Lemma alice_playS b n :
  alice_play b n.+1 = alice_reply n (sigma (history b n)) (b n).
Proof. by rewrite /alice_play /= nth_rcons size_history ltnn eqxx. Qed.

Lemma bob_move_play b n : bob_move sigma (alice_play b) n = sigma (history b n).
Proof.
congr sigma; apply: (@eq_from_nth _ set0); first by rewrite size_mkseq size_history.
by move=> i; rewrite size_mkseq => i_le_n; rewrite nth_mkseq // nth_history.
Qed.

Lemma history_prefix b b' n : (forall i, (i < n)%N -> b i = b' i) ->
  history b n = history b' n.
Proof. by elim: n => //= n IH bb'; rewrite IH ?bb' // => i /ltnW/bb'. Qed.

Lemma bob_legal_collection b n : alice_legal_upto X sigma (alice_play b) n ->
  legal_collection (sigma (history b n)).
Proof.
move=> legal; have [/(_ n legal)] := sigma_winning (alice_play b).
rewrite bob_move_play => -[BB_finite BB_legal] _.
by split => // B /BB_legal[? []].
Qed.

Lemma alice_play_legal b n : alice_legal_upto X sigma (alice_play b) n.
Proof.
elim: n => [|n [alice_first_move legal]].
  split=> [|//]; exists X; split.
    by exists setT; split; [exact: openT | rewrite setIT].
  have [x [Xx _]] := lusin_set_meets X_lusin openT (ex_intro _ 0 I).
  by split => //; exists x.
split => // k; rewrite ltnS leq_eqVlt => /orP[/eqP->|/legal//].
rewrite bob_move_play alice_playS; apply/alice_reply_next/bob_legal_collection.
by split.
Qed.

Lemma bob_play_legal b n : legal_collection (sigma (history b n)).
Proof. exact/bob_legal_collection/alice_play_legal. Qed.

Definition play_split (b : nat -> bool) (n : nat) : (set R -> R) * R :=
  split_of n (sigma (history b n)).

Lemma play_splitP b n :
  splitting (rat_seq n) (sigma (history b n)) (play_split b n).1 (play_split b n).2.
Proof. exact/split_ofP/bob_play_legal. Qed.

Lemma play_radius_lower_bound n :
  exists2 r, 0 < r & forall b, r <= (play_split b n).2.
Proof.
have positions_finite : finite_set (range (history^~ n)).
  pose of_tuple (t : n.-tuple bool) := history (nth false t) n.
  apply: sub_finite_set (finite_image of_tuple (@finite_finset _ setT)) => _ [b _ <-].
  have b_size : size (mkseq b n) == n by rewrite size_mkseq.
  exists (Tuple b_size) => //; apply: history_prefix => i i_lt_n /=.
  by rewrite nth_mkseq.
have [|r r_gt0 r_le] := finite_pos_lower_bound
    (finite_image (fun h => (split_of n (sigma h)).2) positions_finite).
  by move=> _ [_ [b _ <-] <-]; have [] := play_splitP b n.
by exists r => // b; apply: r_le; exists (history b n) => //; exists b.
Qed.

Definition bob_point (b : nat -> bool) : R :=
  xget 0 (\bigcap_n \bigcup_(B in bob_move sigma (alice_play b) n) B).

Lemma bob_pointP b n : (\bigcup_(B in sigma (history b n)) B) (bob_point b).
Proof.
have [_ /(_ (alice_play_legal b))[y y_won]] := sigma_winning (alice_play b).
have := @xgetPex _ 0 _ (ex_intro _ y y_won) n I.
by rewrite bob_move_play.
Qed.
——————————
■ **Exercise**
Restate the records from above exactly as they read.

■ **Solution**
Lemma alice_playS b n :
  alice_play b n.+1 = alice_reply n (sigma (history b n)) (b n).
Proof. by rewrite /alice_play /= nth_rcons size_history ltnn eqxx. Qed.

Lemma bob_move_play b n : bob_move sigma (alice_play b) n = sigma (history b n).
Proof.
congr sigma; apply: (@eq_from_nth _ set0); first by rewrite size_mkseq size_history.
by move=> i; rewrite size_mkseq => i_le_n; rewrite nth_mkseq // nth_history.
Qed.

Lemma history_prefix b b' n : (forall i, (i < n)%N -> b i = b' i) ->
  history b n = history b' n.
Proof. by elim: n => //= n IH bb'; rewrite IH ?bb' // => i /ltnW/bb'. Qed.

Lemma bob_legal_collection b n : alice_legal_upto X sigma (alice_play b) n ->
  legal_collection (sigma (history b n)).
Proof.
move=> legal; have [/(_ n legal)] := sigma_winning (alice_play b).
rewrite bob_move_play => -[BB_finite BB_legal] _.
by split => // B /BB_legal[? []].
Qed.

Lemma alice_play_legal b n : alice_legal_upto X sigma (alice_play b) n.
Proof.
elim: n => [|n [alice_first_move legal]].
  split=> [|//]; exists X; split.
    by exists setT; split; [exact: openT | rewrite setIT].
  have [x [Xx _]] := lusin_set_meets X_lusin openT (ex_intro _ 0 I).
  by split => //; exists x.
split => // k; rewrite ltnS leq_eqVlt => /orP[/eqP->|/legal//].
rewrite bob_move_play alice_playS; apply/alice_reply_next/bob_legal_collection.
by split.
Qed.

Lemma bob_play_legal b n : legal_collection (sigma (history b n)).
Proof. exact/bob_legal_collection/alice_play_legal. Qed.

Definition play_split (b : nat -> bool) (n : nat) : (set R -> R) * R :=
  split_of n (sigma (history b n)).

Lemma play_splitP b n :
  splitting (rat_seq n) (sigma (history b n)) (play_split b n).1 (play_split b n).2.
Proof. exact/split_ofP/bob_play_legal. Qed.

Lemma play_radius_lower_bound n :
  exists2 r, 0 < r & forall b, r <= (play_split b n).2.
Proof.
have positions_finite : finite_set (range (history^~ n)).
  pose of_tuple (t : n.-tuple bool) := history (nth false t) n.
  apply: sub_finite_set (finite_image of_tuple (@finite_finset _ setT)) => _ [b _ <-].
  have b_size : size (mkseq b n) == n by rewrite size_mkseq.
  exists (Tuple b_size) => //; apply: history_prefix => i i_lt_n /=.
  by rewrite nth_mkseq.
have [|r r_gt0 r_le] := finite_pos_lower_bound
    (finite_image (fun h => (split_of n (sigma h)).2) positions_finite).
  by move=> _ [_ [b _ <-] <-]; have [] := play_splitP b n.
by exists r => // b; apply: r_le; exists (history b n) => //; exists b.
Qed.

Definition bob_point (b : nat -> bool) : R :=
  xget 0 (\bigcap_n \bigcup_(B in bob_move sigma (alice_play b) n) B).

Lemma bob_pointP b n : (\bigcup_(B in sigma (history b n)) B) (bob_point b).
Proof.
have [_ /(_ (alice_play_legal b))[y y_won]] := sigma_winning (alice_play b).
have := @xgetPex _ 0 _ (ex_intro _ y y_won) n I.
by rewrite bob_move_play.
Qed.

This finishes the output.